At your high dose, that 825 dose, you had a nice margin of benefit versus the pirfenidone reference arm on efficacy. Get the conclusion there. On the safety side, at this point, is the conclusion that you are better or more tolerable than pirfenidone or kind of in line with pirfenidone where we kind of draw the line there?

Eric Elenko
Co-founder and President, PureTech Health

Yeah. What we had done, and this is pretty typical for PureTech, we like to keep things intellectually honest. While the data was all blinded, before we had the readout, we actually defined what are the key gastrointestinal adverse events. We defined these based on talking to key opinion leaders, community physicians, just really kind of doing market research. A few GI adverse events kind of rose to the top. The most prominent one is nausea. Nausea in this context is often used as a catch-all for people who say, "I'm nauseous," meaning I just don't feel well. There's something wrong, GI upset. That was probably the most important. In the pirfenidone arm, we saw, I believe it was about 27%. We're about 20.3% with the 825. That was good.

We were looking for about a 25% difference, relative difference to be meaningful. We were very happy. Across these predefined GI adverse events, through most of them, we actually trended in a favorable direction. We do recognize, though, and want to be clear that, of course, when you're taking 20% of something and there are like 60-something people in that arm, you get to pretty small numbers in these various arms. We do recognize that the number of adverse events on an absolute number are relatively small. As a percentage, you look and, yeah, it looks pretty good. That's why our overall conclusion with regards to these key GI adverse events was that it was actually favorable tolerability overall.

Faisal Khurshid
Equity Research Director, Leerink Partners

Got it. So basically, your chemical tweak let you dose your drug at a close to the same per mg basis.

Eric Elenko
Co-founder and President, PureTech Health

A higher exposure.

Faisal Khurshid
Equity Research Director, Leerink Partners

Yes. You're getting better efficacy with at least as good safety.

Eric Elenko
Co-founder and President, PureTech Health

Right. We're not sacrificing. Exactly. That's very well said.

Faisal Khurshid
Equity Research Director, Leerink Partners

I think some investors were a little bit confused on the lower dose. Because the lower dose, from a pharmacology perspective, I guess the idea was AUC equivalent, lower Cmax. People were thinking that should be just safer pirfenidone, like in line on efficacy, better on safety. It performed a little bit differently than kind of that ingoing expectation that some people had. Could you just kind of briefly explain how we should think about that? I get that it doesn't matter as much given you have something that's better, but just to kind of explain it.

Eric Elenko
Co-founder and President, PureTech Health

Yeah, I'm happy to give a few thoughts. I think you said it very well. At the end of the day, we're really, first of all, focused on that 825 dose because that's the dose that showed the greater efficacy and really kind of what we're most concerned about. The 550 dose clearly showed that it had a decline in FVC that was different than placebo. We saw a dose response, and we actually wanted to see a dose response. Ideally, that's important clinically, and it's also important from a regulatory point of view. If you look at, I would say there's FVC, and we also had our key secondary, which, by the way, we met both our primary and our key secondary. Our key secondary that we had predefined was FVC % predicted.
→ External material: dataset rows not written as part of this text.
(* Let $C$ be a normalized symmetric conference matrix of order $n\ge 6$, and let \[a=-\frac{2}{n-2}\pm i\,\frac{\sqrt{n(n-4)}}{n-2}.\] Form $C+I_n$ and, in its lower right $(n-1)\times(n-1)$ block, replace every off-diagonal entry $1$ by $a$ and every entry $-1$ by $\overline a$. The resulting matrix is a complex Hadamard matrix of order $n$ whose entries lie in $\{1,a,\overline a\}$.
   Context: A conference matrix of order $n$ is an $n\times n$ matrix $C$ with zero diagonal, off-diagonal entries in $\{1,-1\}$, and $CC^T=(n-1)I_n$; it is normalized if all off-diagonal entries of its first row and first column equal $1$. A complex Hadamard matrix of order $n$ is an $n\times n$ complex matrix with all entries of modulus $1$ satisfying $HH^\ast=nI_n$. *)

(* Field: an arbitrary numClosedFieldType F (e.g. algC),
   playing the role of the complex numbers. *)
From HB Require Import structures.
From mathcomp Require Import all_boot all_order all_algebra.
Set Implicit Arguments. Unset Strict Implicit. Unset Printing Implicit Defensive.
Import Order.TTheory GRing.Theory Num.Theory.
Local Open Scope ring_scope.

Definition conference_matrix (F : numClosedFieldType) (n : nat) (C : 'M[F]_n) : Prop :=
  [/\ forall i, C i i = 0,
      forall i j, i != j -> C i j = 1 \/ C i j = -1
    & C *m C^T = (n.-1)%:R%:M].

Definition normalized (F : numClosedFieldType) (n : nat) (C : 'M[F]_n) : Prop :=
  forall i j : 'I_n, i != j -> (nat_of_ord i == 0%N) || (nat_of_ord j == 0%N) -> C i j = 1.

Definition symmetric_mx (F : numClosedFieldType) (n : nat) (C : 'M[F]_n) : Prop :=
  C^T = C.

Definition conjT (F : numClosedFieldType) (n : nat) (H : 'M[F]_n) : 'M[F]_n :=
  (map_mx (@Num.conj F) H)^T.

Definition complex_hadamard (F : numClosedFieldType) (n : nat) (H : 'M[F]_n) : Prop :=
  (forall i j, `|H i j| = 1) /\ H *m conjT H = n%:R%:M.

Definition construct (F : numClosedFieldType) (n : nat) (C : 'M[F]_n) (a : F) : 'M[F]_n :=
  \matrix_(i, j)
    if (nat_of_ord i == 0%N) || (nat_of_ord j == 0%N) || (i == j)
    then (C + 1%:M) i j
    else if (C + 1%:M) i j == 1 then a
    else if (C + 1%:M) i j == -1 then Num.conj a
    else (C + 1%:M) i j.

(* Write a = x + b with x
   real and b purely imaginary, so that a^* = x - b.  Every row i <> 0 of H
   is then x + b C_i corrected at the entries k = 0 and k = i, which we
   write with Kronecker deltas.  Since the rows of C other than the first
   sum to 1 and are pairwise orthogonal, inner products of rows of H reduce
   to polynomials in x and b: a row i <> 0 sums to (n - 2) x + 2, and two
   distinct rows i, j <> 0 have inner product (n - 3) x^2 + 2 x + 1 + b^2.
   The prescribed a makes both expressions vanish, which also forces
   |a| = 1; hence H H^* = n I. *)

From HB Require Import structures.
From mathcomp Require Import all_boot all_order all_algebra.
From mathcomp Require Import ring.
Set Implicit Arguments.
Unset Strict Implicit.
Unset Printing Implicit Defensive.
Import Order.TTheory GRing.Theory Num.Theory.
Local Open Scope ring_scope.

Lemma oppr1_neq1 (R : numDomainType) : ((-1 : R) == 1) = false.
Proof. exact/lt_eqF/(lt_trans (ltrN10 R))/ltr01. Qed.

Lemma conjT_entry (F : numClosedFieldType) n (M : 'M[F]_n) i j :
  conjT M i j = (M j i)^*.
Proof. by rewrite !mxE. Qed.

Section DeltaSums.
Variables (R : comPzRingType) (n : nat).
Implicit Types (f g : 'I_n -> R) (i j : 'I_n).

Lemma sum_delta_mul j f : \sum_k (k == j)%:R * f k = f j.
Proof.
rewrite (bigD1 j) //= eqxx mul1r big1 ?addr0 // => k /negbTE->.
by rewrite mul0r.
Qed.

Lemma sum_delta i f p : \sum_k (f k + (k == i)%:R * p) = \sum_k f k + p.
Proof.
by rewrite big_split /= -[p in RHS](sum_delta_mul i (fun=> p)).
Qed.

Lemma dot_delta i j f g p q :
  \sum_k (f k + (k == i)%:R * p) * (g k + (k == j)%:R * q) =
  \sum_k f k * g k + p * g i + f j * q + (i == j)%:R * (p * q).
Proof.
transitivity (\sum_k (f k * g k + (k == i)%:R * (p * g k) + (k == j)%:R * (f k * q)
                      + (k == i)%:R * ((k == j)%:R * (p * q)))).
  by apply: eq_bigr => k _; ring.
by rewrite !big_split /= !sum_delta_mul.
Qed.

End DeltaSums.

Section ConferenceConstruction.
Variables (F : numClosedFieldType) (m : nat) (C : 'M[F]_m.+1).
Hypotheses (C_conf : conference_matrix C) (C_norm : normalized C).

Lemma conf_diag i : C i i = 0.
Proof. by case: C_conf. Qed.

Lemma conf_offdiag [i j] : i != j -> C i j = 1 \/ C i j = -1.
Proof. by case: C_conf => _ + _; apply. Qed.

Lemma conf_first [k] : k != ord0 -> C ord0 k = 1 /\ C k ord0 = 1.
Proof.
by move=> k0; split; apply: C_norm; rewrite ?eqxx ?orbT // eq_sym.
Qed.

(* Entries of C are 0 or +-1, hence real. *)
Lemma conf_conj i k : (C i k)^* = C i k.
Proof.
have [->|ik] := eqVneq i k; first by rewrite conf_diag rmorph0.
by case: (conf_offdiag ik) => ->; rewrite ?rmorph1 ?rmorphN1.
Qed.

Lemma conf_row_dot i j : \sum_k C i k * C j k = m%:R *+ (i == j).
Proof.
case: C_conf => _ _ /(congr1 (fun M : 'M[F]_m.+1 => M i j)).
by rewrite !mxE => <-; apply: eq_bigr => k _; rewrite mxE.
Qed.

(* A row other than the first is orthogonal to the all-ones first row,
   so its entries, of which the first is 1, sum to 1. *)
Lemma conf_row_sum i : i != ord0 -> \sum_k C i k = 1.
Proof.
move=> i0; have := conf_row_dot ord0 i; rewrite eq_sym (negbTE i0) mulr0n.
rewrite (bigD1 ord0) //= conf_diag mul0r add0r => dot0.
rewrite (bigD1 ord0) //= (conf_first i0).2 -[RHS]addr0; congr (_ + _).
by apply: etrans dot0; apply: eq_bigr => k k0; rewrite (conf_first k0).1 mul1r.
Qed.

Lemma construct_entry a i k :
  construct C a i k =
  if (i == ord0) || (k == ord0) || (i == k) then 1
  else if C i k == 1 then a else a^*.
Proof.
rewrite /construct !mxE -[nat_of_ord i == 0%N]/(i == ord0).
rewrite -[nat_of_ord k == 0%N]/(k == ord0).
have [<-|ik] := eqVneq i k; first by rewrite orbT conf_diag add0r.
rewrite /= mulr0n addr0 orbF; case: ifP => [first|_]; first exact: C_norm.
by case: (conf_offdiag ik) => ->; rewrite ?eqxx // oppr1_neq1 eqxx.
Qed.

Lemma construct_values a i k :
  construct C a i k = 1 \/ construct C a i k = a \/ construct C a i k = a^*.
Proof.
rewrite construct_entry; case: ifP => _; first by left.
by case: ifP => _; [right; left | right; right].
Qed.

Hypothesis C_sym : symmetric_mx C.

(* Symmetry is needed only for the inner product of rows i and j, which
   involves both C i j and C j i. *)
Lemma conf_sym i j : C j i = C i j.
Proof. by rewrite -[in LHS]C_sym mxE. Qed.

Variables x b : F.
Hypotheses (x_real : x^* = x) (b_imag : b^* = - b).

Lemma conj_param : (x + b)^* = x - b.
Proof. by rewrite rmorphD /= x_real b_imag. Qed.

Lemma construct_row i k : i != ord0 ->
  construct C (x + b) i k =
  x + b * C i k + (k == ord0)%:R * (1 - x - b) + (k == i)%:R * (1 - x).
Proof.
move=> i0; rewrite construct_entry (negbTE i0) /=.
have [->|k0] := eqVneq k ord0.
  by rewrite [ord0 == i]eq_sym (negbTE i0) (conf_first i0).2 /=; ring.
have [<-|ik] := eqVneq i k; first by rewrite conf_diag ?eqxx /=; ring.
by case: (conf_offdiag ik) => ->; rewrite ?eqxx ?oppr1_neq1 ?conj_param /=; ring.
Qed.

Lemma construct_row_conj i k : i != ord0 ->
  (construct C (x + b) i k)^* =
  x - b * C i k + (k == ord0)%:R * (1 - x + b) + (k == i)%:R * (1 - x).
Proof.
move=> i0; rewrite construct_row // !(rmorphD, rmorphN, rmorphM, rmorph_nat, rmorph1) /=.
by rewrite x_real b_imag conf_conj; ring.
Qed.

(* Row sums: x contributes n times, the entries of C sum to 1. *)
Lemma construct_row_sum i : i != ord0 ->
  \sum_k construct C (x + b) i k = (m.+1%:R - 2) * x + 2.
Proof.
move=> i0; under eq_bigr => k _ do rewrite construct_row //.
rewrite !sum_delta big_split /= sumr_const card_ord -mulr_sumr conf_row_sum //.
ring.
Qed.

(* The "bulk" part of two distinct rows: since the rows of C other than the
   first sum to 1 and are orthogonal, only the constant part survives. *)
Lemma bulk_row_dot i j : i != ord0 -> j != ord0 -> i != j ->
  \sum_k (x + b * C i k) * (x - b * C j k) = m.+1%:R * (x * x).
Proof.
move=> i0 j0 ij.
transitivity (\sum_k (x * x + (b * x) * C i k + (- (x * b)) * C j k
                      + (- (b * b)) * (C i k * C j k))).
  by apply: eq_bigr => k _; ring.
rewrite !big_split /= sumr_const card_ord -!mulr_sumr !conf_row_sum //.
rewrite conf_row_dot (negbTE ij) mulr0n; ring.
Qed.

(* Inner product of two distinct rows other than the first: the bulk term
   n x^2 plus the contributions of the delta corrections at k = 0, i, j. *)
Lemma construct_row_dot i j : i != ord0 -> j != ord0 -> i != j ->
  \sum_k construct C (x + b) i k * (construct C (x + b) j k)^* =
  (m.+1%:R - 3) * (x * x) + 2 * x + 1 + b * b.
Proof.
move=> i0 j0 ij.
under eq_bigr => k _ do rewrite construct_row // construct_row_conj //.
rewrite dot_delta /= dot_delta /= bulk_row_dot // (negbTE i0) (negbTE j0) (negbTE ij).
rewrite (conf_first i0).2 (conf_first j0).2 (conf_sym i j) /=; ring.
Qed.

(* The two constraints met by the prescribed value of a. *)
Hypotheses (x_lin : (m.+1%:R - 2) * x + 2 = 0)
           (x_quad : (m.+1%:R - 3) * (x * x) + 2 * x + 1 + b * b = 0).

(* The two constraints force |a| = 1, since a a^* = x^2 - b^2. *)
Lemma param_unimodular : `|x + b| = 1.
Proof.
apply/eqP; rewrite -sqrp_eq1 ?normr_ge0 // normCK conj_param.
have -> : (x + b) * (x - b) = x * ((m.+1%:R - 2) * x + 2) + 1
            - ((m.+1%:R - 3) * (x * x) + 2 * x + 1 + b * b) by ring.
by rewrite x_lin x_quad mulr0 subr0 add0r.
Qed.

Lemma construct_unimodular i k : `|construct C (x + b) i k| = 1.
Proof.
by case: (construct_values (x + b) i k) => [|[|]] ->;
  rewrite ?normr1 ?norm_conjC ?param_unimodular.
Qed.

(* Gram matrix: the diagonal follows from unimodularity, the first row is
   orthogonal to the others by the row sums, and the remaining pairs by
   construct_row_dot. *)
Lemma construct_gram :
  construct C (x + b) *m conjT (construct C (x + b)) = m.+1%:R%:M.
Proof.
apply/matrixP => i j; rewrite [LHS]mxE [RHS]mxE.
under eq_bigr => k _ do rewrite conjT_entry.
have [<-|ij] := eqVneq i j.
  under eq_bigr => k _ do rewrite -normCK construct_unimodular expr1n.
  by rewrite sumr_const card_ord.
have first_row k : construct C (x + b) ord0 k = 1 by rewrite construct_entry eqxx.
rewrite mulr0n; case: (eqVneq i ord0) ij => [-> | i0] ij.
  under eq_bigr => k _ do rewrite first_row mul1r.
  by rewrite -rmorph_sum /= construct_row_sum 1?eq_sym // x_lin rmorph0.
case: (eqVneq j ord0) ij => [-> | j0] ij.
  under eq_bigr => k _ do rewrite first_row rmorph1 mulr1.
  by rewrite construct_row_sum // x_lin.
by rewrite construct_row_dot.
Qed.

Lemma construct_hadamard : complex_hadamard (construct C (x + b)).
Proof. by split; [exact: construct_unimodular | exact: construct_gram]. Qed.

End ConferenceConstruction.

Lemma param_decomposition (F : numClosedFieldType) (n : nat) (a : F) :
  (4 <= n)%N ->
  (a = - (2%:R / (n%:R - 2%:R)) + 'i * (sqrtC (n%:R * (n%:R - 4%:R)) / (n%:R - 2%:R)) \/
   a = - (2%:R / (n%:R - 2%:R)) - 'i * (sqrtC (n%:R * (n%:R - 4%:R)) / (n%:R - 2%:R))) ->
  exists x b : F, [/\ a = x + b, x^* = x, b^* = - b,
    (n%:R - 2) * x + 2 = 0 & (n%:R - 3) * (x * x) + 2 * x + 1 + b * b = 0].
Proof.
move=> n4 a_def; set N : F := n%:R.
have N2 : N - 2 != 0.
  by rewrite subr_eq0 /N eqr_nat; apply: contraTneq n4 => ->.
have N4 : 0 <= N - 4 by rewrite subr_ge0 /N ler_nat.
set x := - (2 / (N - 2)); set s := sqrtC (N * (N - 4)); set y := s / (N - 2).
have x_real : x^* = x by rewrite /x rmorphN fmorph_div rmorphB !rmorph_nat.
have y_real : y^* = y.
  apply: conj_Creal; rewrite /y rpred_div ?ger0_real ?sqrtC_ge0 ?mulr_ge0 ?ler0n //.
  by rewrite subr_ge0 /N ler_nat (leq_trans _ n4).
have ss : s * s = N * (N - 4) by rewrite -expr2 sqrtCK.
have x_lin : (N - 2) * x + 2 = 0 by rewrite /x; field; exact: N2.
have x_quad b : b * b = - (y * y) -> (N - 3) * (x * x) + 2 * x + 1 + b * b = 0.
  move=> ->; rewrite /y -[_ * (s / _)]mulrACA ss /x; field; exact: N2.
have iy_sqr : ('i * y) * ('i * y) = - (y * y) by rewrite mulrACA -expr2 sqrCi mulN1r.
have iy_imag : ('i * y)^* = - ('i * y) by rewrite rmorphM /= conjCi y_real mulNr.
exists x; case: a_def; rewrite -/N -/x -/s -/y => ->.
- by exists ('i * y); split => //; apply: x_quad.
- exists (- ('i * y)); split => //; first by rewrite rmorphN /= iy_imag.
  by apply: x_quad; rewrite mulrNN.
Qed.

Theorem proposition3 (F : numClosedFieldType) (n : nat) (C : 'M[F]_n) (a : F) :
  (6 <= n)%N ->
  conference_matrix C -> normalized C -> symmetric_mx C ->
  (a = - (2%:R / (n%:R - 2%:R)) + 'i * (sqrtC (n%:R * (n%:R - 4%:R)) / (n%:R - 2%:R)) \/
   a = - (2%:R / (n%:R - 2%:R)) - 'i * (sqrtC (n%:R * (n%:R - 4%:R)) / (n%:R - 2%:R))) ->
  complex_hadamard (construct C a) /\
  (forall i j, construct C a i j = 1 \/ construct C a i j = a \/
               construct C a i j = Num.conj a).
Proof.
case: n C => [//|m] C n6 C_conf C_norm C_sym a_def.
have [x [b [-> x_real b_imag x_lin x_quad]]] :=
  param_decomposition (leq_trans (isT : (4 <= 6)%N) n6) a_def.
split; first exact: construct_hadamard.
exact: construct_values.
Qed.
Lemma row_free_orthogonal n (u v : 'cV[R]_n) :
  u != 0 -> v != 0 -> vdot u v = 0 -> row_free (col_mx u^T v^T).
Proof.
move=> u0 v0 uv0; apply: inj_row_free => w.
rewrite -[w]hsubmxK mul_row_col => wUV.
have coef_eq0 (c : 'rV[R]_1) (y : 'cV[R]_n) : y != 0 -> c *m (vdot y y)%:M = 0 -> c = 0.
  rewrite mul_mx_scalar => y0 /eqP; rewrite scaler_eq0 => /orP[/eqP/vdotxx_eq0 y_eq0|/eqP //].
  by rewrite y_eq0 eqxx in y0.
have /coef_eq0 -> // : lsubmx w *m (vdot u u)%:M = 0.
  have := congr1 (mulmx^~ u) wUV; rewrite mul0mx mulmxDl -!mulmxA !mulmx_tr_vdot.
  by rewrite vdotC uv0 raddf0 mulmx0 addr0.
have /coef_eq0 -> // : rsubmx w *m (vdot v v)%:M = 0.
  have := congr1 (mulmx^~ v) wUV; rewrite mul0mx mulmxDl -!mulmxA !mulmx_tr_vdot.
  by rewrite uv0 raddf0 mulmx0 add0r.
by rewrite row_mx0.
Qed.

Lemma lambda2_pos_kernel n (A : 'M[R]_n) (x : 'cV[R]_n) :
  A^T = A -> A *m (const_mx 1 : 'cV[R]_n) = 0 -> lambda2_pos A ->
  vdot (const_mx 1) x = 0 -> A *m x = 0 -> x = 0.
Proof.
(* Otherwise 1 and x span a two-dimensional left kernel, making 0 a double root. *)
move=> As A1 A_l2 x1 Ax; apply/eqP/negPn/negP => x0.
have one0 : (const_mx 1 : 'cV[R]_n) != 0.
  apply/negP => /eqP/matrixP/(_ (Ordinal (ltnW (lambda2_pos_gt1 A_l2))) 0).
  by rewrite !mxE; apply/eqP; exact: oner_neq0.
have UA0 : col_mx (const_mx 1 : 'cV[R]_n)^T x^T *m A = 0.
  by rewrite mul_col_mx -[A]As -!trmx_mul A1 Ax !trmx0 col_mx0.
case: A_l2 => s [[s_sorted cpA] s1_gt0].
have := char_poly_dvd_left_kernel (row_free_orthogonal one0 x0 x1) UA0.
by rewrite cpA; exact: Xsqr_ndvd_spectrum.
Qed.

Lemma psd_spectral_gap n (L : 'M[R]_n) :
  psd L -> L *m (const_mx 1 : 'cV[R]_n) = 0 -> lambda2_pos L ->
  exists2 lam, 0 < lam &
    forall v, vdot (const_mx 1) v = 0 -> lam * vdot v v <= bform L v v.
Proof.
(* L + 1 1^T agrees with L on the sum-zero vectors and is invertible by lambda2_pos_kernel. *)
move=> Lpsd L1 L_l2; set one := (const_mx 1 : 'cV[R]_n).
set B := L + one *m one^T.
have BE v : bform B v v = bform L v v + vdot one v ^+ 2.
  rewrite bformDm /bform !mulmxA -[_ *m one^T *m v]mulmxA !mulmx_tr_vdot.
  by rewrite -scalar_mxM; congr (_ + _); rewrite mxE mulr1n vdotC expr2.
have Bpsd : psd B.
  split=> [|v]; first by rewrite /B linearD /= Lpsd.1 trmx_mul trmxK.
  by rewrite BE addr_ge0 ?sqr_ge0 ?Lpsd.2.
have Bunit : B \in unitmx.
  rewrite -unitmx_tr -row_free_unit; apply: inj_row_free => w /(congr1 trmx).
  rewrite trmx_mul trmxK trmx0 => Bw0.
  have : bform B w^T w^T = 0 by rewrite bformE Bw0 /vdot mulmx0 mxE.
  rewrite BE => /eqP; rewrite paddr_eq0 ?sqr_ge0 ?Lpsd.2 // sqrf_eq0.
  move=> /andP[/eqP Lw0 /eqP w1].
  have := lambda2_pos_kernel Lpsd.1 L1 L_l2 w1 (psd_bform_eq0 Lpsd Lw0).
  by move/(congr1 trmx); rewrite trmxK trmx0.
have [lam lam_gt0 hlam] := psd_coercive Bpsd Bunit.
by exists lam => // v v1; have := hlam v; rewrite BE v1 expr0n /= addr0.
Qed.

End SpectralGap.

Section Laplacian.
Variables (R : realType) (N : nat).
Implicit Types (G : graph N) (p : {ffun graph N -> R}).

Local Notation adj G i j := ((G (i, j))%:R : R).

Lemma laplacianE G i j :
  laplacian R G i j = (if i == j then \sum_k adj G i k else 0) - adj G i j.
Proof.
rewrite mxE -sum1_card natr_sum big_mkcond.
by congr (_ - _); case: eqP => // _; apply: eq_bigr => k _; rewrite inE; case: (G (i, k)).
Qed.

Lemma laplacian_const1 G : laplacian R G *m (const_mx 1 : 'cV[R]_N) = 0.
Proof.
apply/matrixP => i j; rewrite !mxE.
under eq_bigr do rewrite laplacianE mxE mulr1.
by rewrite sumrB -big_mkcond (big_pred1 i) ?subrr // => j; rewrite eq_sym.
Qed.

Lemma simple_graph_sym G i j : simple_graph G -> G (i, j) = G (j, i).
Proof. by case/andP=> /forallP/(_ i)/forallP/(_ j)/eqP. Qed.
The difference between FVC percent predicted or FVC PP and FVC is that FVC PP is relative change and takes into account someone's physical characteristics. So height, age, gender, right? A 6-foot-7 man will have inherently more lung capacity than a 5-foot-8 80-year-old woman. But a 1% change in FVC PP will then give greater amounts of FVC differences. I say if you look at the FVC PP, the 550 looked not quite the same as pirfenidone, but a little more similar, which suggests maybe that measure was smoothing out some of the differences.

Faisal Khurshid
Equity Research Director, Leerink Partners

Interesting. Yeah, complicated disease. Bro, I want to come to you on this one. So when people think about PureTech, they think about Karuna, KarXT, that amazing success that you had. And then the question is, what can be the next Karuna? What can be the next KarXT? I think you're sitting on some interesting data now here. I want to ask, how are you thinking about the future of this program? Obviously, with KarXT, you put that into Karuna. You had that as a Founded Entity. You collected economics along the way. What does the path forward from a corporate structure perspective look like for this asset?

Bharatt Chowrira
CEO, PureTech Health

Yeah, so deupirfenidone, based on the phase II-B data, we are quite bullish on the prospects. Assuming we're able to confirm these data in a phase III study, we should have pretty significant in terms of overall patient impact. Because again, stabilizing the lung function is a big deal. When you talk to the key opinion leaders, and we have talked to a number of them, that's the part that they really, really get excited about. Because that can have real benefit for these patients, and it could translate into longevity and life expectancy. Stabilizing someone's lung function once they're diagnosed with IPF to mimic what a healthy older adult who does not have IPF is actually going to be a huge deal.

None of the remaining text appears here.